Here, we will leverage the KnowledgeGraphQueryEngine
, with NebulaGraphStore
as the storage_context.graph_store
.
from llama_index.query_engine import KnowledgeGraphQueryEngine
from llama_index.storage.storage_context import StorageContext
from llama_index.graph_stores import NebulaGraphStore
query_engine = KnowledgeGraphQueryEngine(
storage_context=storage_context,
service_context=service_context,
llm=llm,
verbose=True,
)
response = query_engine.query(
"Tell me about Peter Quill?",
)
display(Markdown(f"<b>{response}</b>"))
INFO:llama_index.query_engine.knowledge_graph_query_engine:Graph Store Query: MATCH (e1:`entity`)-[r:`relationship`]->(e2:`entity`) WHERE e1.`entity`.`name` == 'Peter Quill' RETURN e2.`entity`.`name`; Graph Store Query: MATCH (e1:`entity`)-[r:`relationship`]->(e2:`entity`) WHERE e1.`entity`.`name` == 'Peter Quill' RETURN e2.`entity`.`name`; INFO:llama_index.query_engine.knowledge_graph_query_engine:Graph Store Response: {'e2.entity.name': ['grandfather', 'alternate version of Gamora', 'Guardians of the Galaxy']} Graph Store Response: {'e2.entity.name': ['grandfather', 'alternate version of Gamora', 'Guardians of the Galaxy']}
Peter Quill is the protagonist of the Marvel Cinematic Universe, and is known for being a member of the Guardians of the Galaxy. He is the grandson of a Celestial being, and an alternate version of Gamora.
graph_query = query_engine.generate_query(
"Tell me about Peter Quill?",
)
display(Markdown(f"""
```cypher
{graph_query}
```
"""))
MATCH (e1:`entity`)-[r:`relationship`]->(e2:`entity`) WHERE e1.`entity`.`name` == 'Peter Quill' RETURN e2.`entity`.`name`;
We could see it helps generate the Graph query:
MATCH (e1:`entity`)-[r:`relationship`]->(e2:`entity`)
WHERE e1.`entity`.`name` == 'Peter Quill'
RETURN e2.`entity`.`name`;
And synthese the question based on its result:
{'e2.entity.name': ['grandfather', 'alternate version of Gamora', 'Guardians of the Galaxy']}
Of course we still could query it, too! And this query engine could be our best Graph Query Language learning bot, then :).
%%ngql
MATCH (p:`entity`)-[e:relationship]->(m:`entity`)
WHERE p.`entity`.`name` == 'Peter Quill'
RETURN p.`entity`.`name`, e.relationship, m.`entity`.`name`;
INFO:nebula3.logger:Get connection to ('127.0.0.1', 9669) Get connection to ('127.0.0.1', 9669)

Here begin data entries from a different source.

(* A term $t$ of the silly substitution calculus is weakly $\to_w$-normalizing if and only if it is strongly $\to_w$-normalizing.
   Context: Terms: $t ::= x \mid \lambda x.t \mid t\,u \mid t[x\backslash u]$ ($t[x\backslash u]$ an explicit substitution binding $x$ in $t$; terms up to $\alpha$). Values $v ::= \lambda x.t$. Substitution contexts $S ::= \langle\cdot\rangle\mid S[x\backslash u]$. Weak contexts $W ::= \langle\cdot\rangle \mid W\,t \mid t\,W \mid t[x\backslash W] \mid W[x\backslash u]$; $W\langle\langle t\rangle\rangle$ is plugging without capture of free variables of $t$. Root rules: $S\langle\lambda x.t\rangle u\mapsto_m S\langle t[x\backslash u]\rangle$; $W\langle\langle x\rangle\rangle[x\backslash u]\mapsto_e W\langle\langle u\rangle\rangle[x\backslash u]$; $t[x\backslash S\langle v\rangle]\mapsto_{gcv} S\langle t\rangle$ if $x\notin\mathrm{fv}(t)$. $\to_w$ is the union of their closures under weak contexts. Weakly normalizing: some reduction sequence reaches a normal form; strongly normalizing: no infinite reduction sequence. *)

(* Silly substitution calculus, weak reduction ->_w.
   Terms up to alpha-equivalence are represented with de Bruijn indices. *)
From Stdlib Require Import Arith Relations.

(* t ::= x | \x.t | t u | t[x\u]   ;  in [ES t u] index 0 of [t] is bound
   (the explicit substitution [t[x\u]]), [u] is outside the binder. *)
Inductive term : Type :=
| Var : nat -> term
| Lam : term -> term
| App : term -> term -> term
| ES  : term -> term -> term.

Fixpoint lift (k c : nat) (t : term) : term :=
  match t with
  | Var n => if c <=? n then Var (n + k) else Var n
  | Lam t => Lam (lift k (S c) t)
  | App t u => App (lift k c t) (lift k c u)
  | ES t u => ES (lift k (S c) t) (lift k c u)
  end.

(* decrement the indices > c (used when index c does not occur) *)
Fixpoint lower (c : nat) (t : term) : term :=
  match t with
  | Var n => if c <? n then Var (n - 1) else Var n
  | Lam t => Lam (lower (S c) t)
  | App t u => App (lower c t) (lower c u)
  | ES t u => ES (lower (S c) t) (lower c u)
  end.

Fixpoint occurs (n : nat) (t : term) : bool :=
  match t with
  | Var m => Nat.eqb n m
  | Lam t => occurs (S n) t
  | App t u => occurs n t || occurs n u
  | ES t u => occurs (S n) t || occurs n u
  end.

Definition is_value (t : term) : Prop := exists b, t = Lam b.

Inductive sctx : Type :=
| SHole : sctx
| SES : sctx -> term -> sctx.

Fixpoint plugS (s : sctx) (t : term) : term :=
  match s with
  | SHole => t
  | SES s u => ES (plugS s t) u
  end.

Fixpoint depthS (s : sctx) : nat :=
  match s with
  | SHole => 0
  | SES s _ => S (depthS s)
  end.

Inductive wctx : Type :=
| WHole : wctx
| WAppL : wctx -> term -> wctx
| WAppR : term -> wctx -> wctx
| WESR  : term -> wctx -> wctx
| WESL  : wctx -> term -> wctx.

Fixpoint plugW (w : wctx) (t : term) : term :=
  match w with
  | WHole => t
  | WAppL w u => App (plugW w t) u
  | WAppR u w => App u (plugW w t)
  | WESR u w => ES u (plugW w t)
  | WESL w u => ES (plugW w t) u
  end.

Fixpoint depthW (w : wctx) : nat :=
  match w with
  | WHole => 0
  | WAppL w _ => depthW w
  | WAppR _ w => depthW w
  | WESR _ w => depthW w
  | WESL w _ => S (depthW w)
  end.

(* Root rules.  Capture-free plugging W<<t>> is rendered by lifting t over
   the depthW W binders of W. *)
Inductive root : term -> term -> Prop :=
| root_m : forall (s : sctx) (t u : term),
    (* S<\x.t> u  |->  S<t[x\u]> *)
    root (App (plugS s (Lam t)) u) (plugS s (ES t (lift (depthS s) 0 u)))
| root_e : forall (w : wctx) (u : term),
    (* W<<x>>[x\u]  |->  W<<u>>[x\u] *)
    root (ES (plugW w (Var (depthW w))) u)
         (ES (plugW w (lift (S (depthW w)) 0 u)) u)
| root_gcv : forall (t : term) (s : sctx) (v : term),
    (* t[x\S<v>]  |->  S<t>   if x not free in t *)
    is_value v -> occurs 0 t = false ->
    root (ES t (plugS s v)) (plugS s (lift (depthS s) 0 (lower 0 t))).

Definition wstep (t t' : term) : Prop :=
  exists (w : wctx) (r r' : term), root r r' /\ t = plugW w r /\ t' = plugW w r'.

Definition wnormal (t : term) : Prop := ~ exists t', wstep t t'.

Definition weakly_normalizing (t : term) : Prop :=
  exists t', clos_refl_trans term wstep t t' /\ wnormal t'.

Definition strongly_normalizing (t : term) : Prop :=
  Acc (fun a b => wstep b a) t.

From Stdlib Require Import Arith Lia Relations Wellfounded Classical.

(* The point is conservation: if [t ->_w t'] and [t'] is strongly normalizing,
   so is [t]; strong normalization then travels backwards along a normalizing
   reduction, while the converse holds by reducing as long as possible.
   For conservation, mark in [t] the residuals of the contracted redex.  The
   development of a marked term contracts all its marked redexes, and the
   development of [t] is [t'].  Any step of a marked term either keeps its
   development and lowers its weight (the number of marked redexes, counted
   with the multiplicity that pending substitutions will give them), or makes
   at least one step on the development; conclude by lexicographic induction. *)

Ltac nat_cases :=
  repeat match goal with
  | |- context [?a <=? ?b] => destruct (Nat.leb_spec a b)
  | |- context [?a <? ?b] => destruct (Nat.ltb_spec a b)
  | H : context [?a <=? ?b] |- _ => destruct (Nat.leb_spec a b)
  | H : context [?a <? ?b] |- _ => destruct (Nat.ltb_spec a b)
  end.

(** * De Bruijn shifting *)

Lemma lift_0 t c : lift 0 c t = t.
Proof. revert c; induction t; intros; simpl; nat_cases; f_equal; auto; lia. Qed.

Lemma lift_lift t a b c c' : c <= c' <= c + b ->
  lift a c' (lift b c t) = lift (a + b) c t.
Proof.
  revert a b c c'; induction t; intros; simpl.
  - nat_cases; simpl; nat_cases; f_equal; lia.
  - f_equal; apply IHt; lia.
  - f_equal; auto.
  - f_equal; [apply IHt1 | apply IHt2]; lia.
Qed.

Lemma lift_lift_comm t a b c c' : c' <= c ->
  lift a c' (lift b c t) = lift b (c + a) (lift a c' t).
Proof.
  revert a b c c'; induction t; intros; simpl.
  - nat_cases; simpl; nat_cases; f_equal; lia.
  - f_equal. replace (S (c + a)) with (S c + a) by lia. apply IHt; lia.
  - f_equal; auto.
  - f_equal; [replace (S (c + a)) with (S c + a) by lia; apply IHt1 | apply IHt2]; lia.
Qed.

Lemma lift1_lift t k c : lift 1 0 (lift k c t) = lift k (S c) (lift 1 0 t).
Proof. rewrite lift_lift_comm by lia. f_equal; lia. Qed.

Lemma lift_lift1 t d : lift d 0 (lift 1 0 t) = lift (S d) 0 t.
Proof. rewrite lift_lift by lia. f_equal; lia. Qed.

Lemma lower_lift t c : lower c (lift 1 c t) = t.
Proof. revert c; induction t; intros; simpl; nat_cases; simpl; nat_cases; f_equal; auto; lia. Qed.

Lemma occurs_lift t c : occurs c (lift 1 c t) = false.
Proof.
  revert c; induction t; intros; simpl; nat_cases; simpl;
    rewrite ?IHt, ?IHt1, ?IHt2; auto; apply Nat.eqb_neq; lia.
Qed.

Lemma lift_lower t c : occurs c t = false -> lift 1 c (lower c t) = t.
Proof.
  revert c; induction t; intros c H; simpl in *.
  - apply Nat.eqb_neq in H. nat_cases; simpl; nat_cases; f_equal; lia.
  - f_equal; auto.
  - apply Bool.orb_false_iff in H as [? ?]. f_equal; auto.
  - apply Bool.orb_false_iff in H as [? ?]. f_equal; auto.
Qed.

Lemma lift_inj t t' k c : lift k c t = lift k c t' -> t = t'.
Proof.
  revert t' k c; induction t; destruct t'; intros k c H; simpl in *; nat_cases;
    try discriminate; injection H; intros; subst; f_equal; eauto; lia.
Qed.

Lemma lift_inv_Var t k c n : lift k c t = Var n ->
  exists m, t = Var m /\ n = (if c <=? m then m + k else m).
Proof.
  destruct t; simpl; intros H; nat_cases; try discriminate; injection H; intros; subst;
    eexists; split; eauto; nat_cases; lia.
Qed.

Lemma lift_inv_Lam t k c b : lift k c t = Lam b ->
  exists b0, t = Lam b0 /\ b = lift k (S c) b0.
Proof.
  destruct t; simpl; intros H; nat_cases; try discriminate; injection H; intros; subst; eauto.
Qed.

Lemma lift_inv_App t k c a b : lift k c t = App a b ->
  exists a0 b0, t = App a0 b0 /\ a = lift k c a0 /\ b = lift k c b0.
Proof.
  destruct t; simpl; intros H; nat_cases; try discriminate; injection H; intros; subst; eauto.
Qed.

Lemma lift_inv_ES t k c a b : lift k c t = ES a b ->
  exists a0 b0, t = ES a0 b0 /\ a = lift k (S c) a0 /\ b = lift k c b0.
Proof.
  destruct t; simpl; intros H; nat_cases; try discriminate; injection H; intros; subst; eauto.
Qed.

Lemma lift1_lift_inv y t k j c : lift 1 j t = lift k (S (j + c)) y ->
  exists y0, y = lift 1 j y0 /\ t = lift k (j + c) y0.
Proof.
  revert t j; induction y; intros t j H;
    destruct t; cbn [lift] in H; nat_cases; try discriminate; injection H; intros; subst.
  all: try solve [ lia
                 | exists (Var n); cbn [lift]; split; nat_cases; f_equal; lia
                 | exists (Var n0); cbn [lift]; split; nat_cases; f_equal; lia
                 | exists (Var (n - 1)); cbn [lift]; split; nat_cases; f_equal; lia ].
  - destruct (IHy t (S j)) as [y0 [-> ->]]; [simpl; auto|]. exists (Lam y0); auto.
  - destruct (IHy1 t1 j) as [a [-> ->]]; auto.
    destruct (IHy2 t2 j) as [b [-> ->]]; auto. exists (App a b); auto.
  - destruct (IHy1 t1 (S j)) as [a [-> ->]]; auto.
    destruct (IHy2 t2 j) as [b [-> ->]]; auto. exists (ES a b); auto.
Qed.
Lemma directed_hh_terrace_map s :
  code_directed_hh N mul s -> directed_hh_terrace (map phi s).
Proof.
case/and3P=> terr q_uniq counts; have /and4P[sN s_uniq /eqP s_size _] := terr.
have qN := code_quot_seq_bounded sN.
rewrite /directed_hh_terrace /directed_terrace /half_and_half terrace_map //=.
rewrite arrangement_map //= quot_seq_map // map_inj_in_uniq ?q_uniq; last first.
  by move=> p q ps qs; apply: phi_inj; apply: (allP qN).
rewrite size_map -map_take; apply: count_pm_all_map counts.
by apply/allP=> k /mem_take /(allP qN).
Qed.

End CodeTransfer.

(* The group laws of C_n x| C_3 (x^y = x^r) and of the Heisenberg group on the codes
   of the normal forms, see [sdprod_decode] and [heis_decode] below. *)
Definition sdprod_code_mul n r p q :=
  ((p %/ n + q %/ n) %% 3) * n + ((p %% n) * r ^ (q %/ n) + q %% n) %% n.

Definition heis_code_mul p q :=
  ((p %/ 9 + q %/ 9) %% 3) * 9 + (((p %/ 3) %% 3 + (q %/ 3) %% 3) %% 3) * 3
  + (p %% 3 + ((p %/ 3) %% 3) * (q %/ 9) + q %% 3) %% 3.

Section Decoding.
Local Open Scope group_scope.
Variable gT : finGroupType.
Implicit Types x y : gT.

Definition sdprod_decode n x y k := y ^+ (k %/ n) * x ^+ (k %% n).

Definition heis_decode x y k :=
  y ^+ (k %/ 9) * x ^+ ((k %/ 3) %% 3) * [~ x, y] ^+ (k %% 3).

Lemma conjg_expgr x y r c : x ^ y = x ^+ r -> x ^ (y ^+ c) = x ^+ (r ^ c).
Proof.
move=> xy; elim: c => [|c IHc]; first by rewrite expg0 conjg1 expn0 expg1.
by rewrite expgSr conjgM IHc conjXg xy -expgM expnS.
Qed.

Lemma sdprod_decodeM n r x y : 0 < n -> x ^+ n = 1 -> y ^+ 3 = 1 -> x ^ y = x ^+ r ->
  forall p q, sdprod_decode n x y (sdprod_code_mul n r p q)
              = sdprod_decode n x y p * sdprod_decode n x y q.
Proof.
move=> n_gt0 xn y3 xy p q; rewrite /sdprod_decode /sdprod_code_mul.
rewrite divnMDl // (divn_small (ltn_pmod _ n_gt0)) addn0 modnMDl modn_mod.
set a := p %/ n; set b := p %% n; set c := q %/ n; set d := q %% n.
rewrite (expg_mod (a + c) y3) (expg_mod (b * r ^ c + d) xn).
have xb_yc : x ^+ b * y ^+ c = y ^+ c * x ^+ (b * r ^ c).
  by rewrite conjgC conjXg (conjg_expgr c xy) -expgM mulnC.
by rewrite !expgD mulgA -(mulgA (y ^+ a)) -xb_yc !mulgA.
Qed.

p.entity.name | e.relationship | m.entity.name | |
---|---|---|---|
0 | Peter Quill | reunites with | grandfather |
1 | Peter Quill | affected by | alternate version of Gamora |
2 | Peter Quill | is leader of | Guardians of the Galaxy |
And change the query to be rendered
%%ngql
MATCH (p:`entity`)-[e:relationship]->(m:`entity`)
WHERE p.`entity`.`name` == 'Peter Quill'
RETURN p, e, m;
INFO:nebula3.logger:Get connection to ('127.0.0.1', 9669) Get connection to ('127.0.0.1', 9669)
p | e | m | |
---|---|---|---|
0 | ("Peter Quill" :entity{name: "Peter Quill"}) | ("Peter Quill")-[:relationship@-13852479784452... | ("grandfather" :entity{name: "grandfather"}) |
1 | ("Peter Quill" :entity{name: "Peter Quill"}) | ("Peter Quill")-[:relationship@252722756429155... | ("alternate version of Gamora" :entity{name: "... |
2 | ("Peter Quill" :entity{name: "Peter Quill"}) | ("Peter Quill")-[:relationship@410484627924794... | ("Guardians of the Galaxy" :entity{name: "Guar... |
%ng_draw
nebulagraph_draw_quill.html
The results of this knowledge-fetching query could not be more clear from the renderred graph then.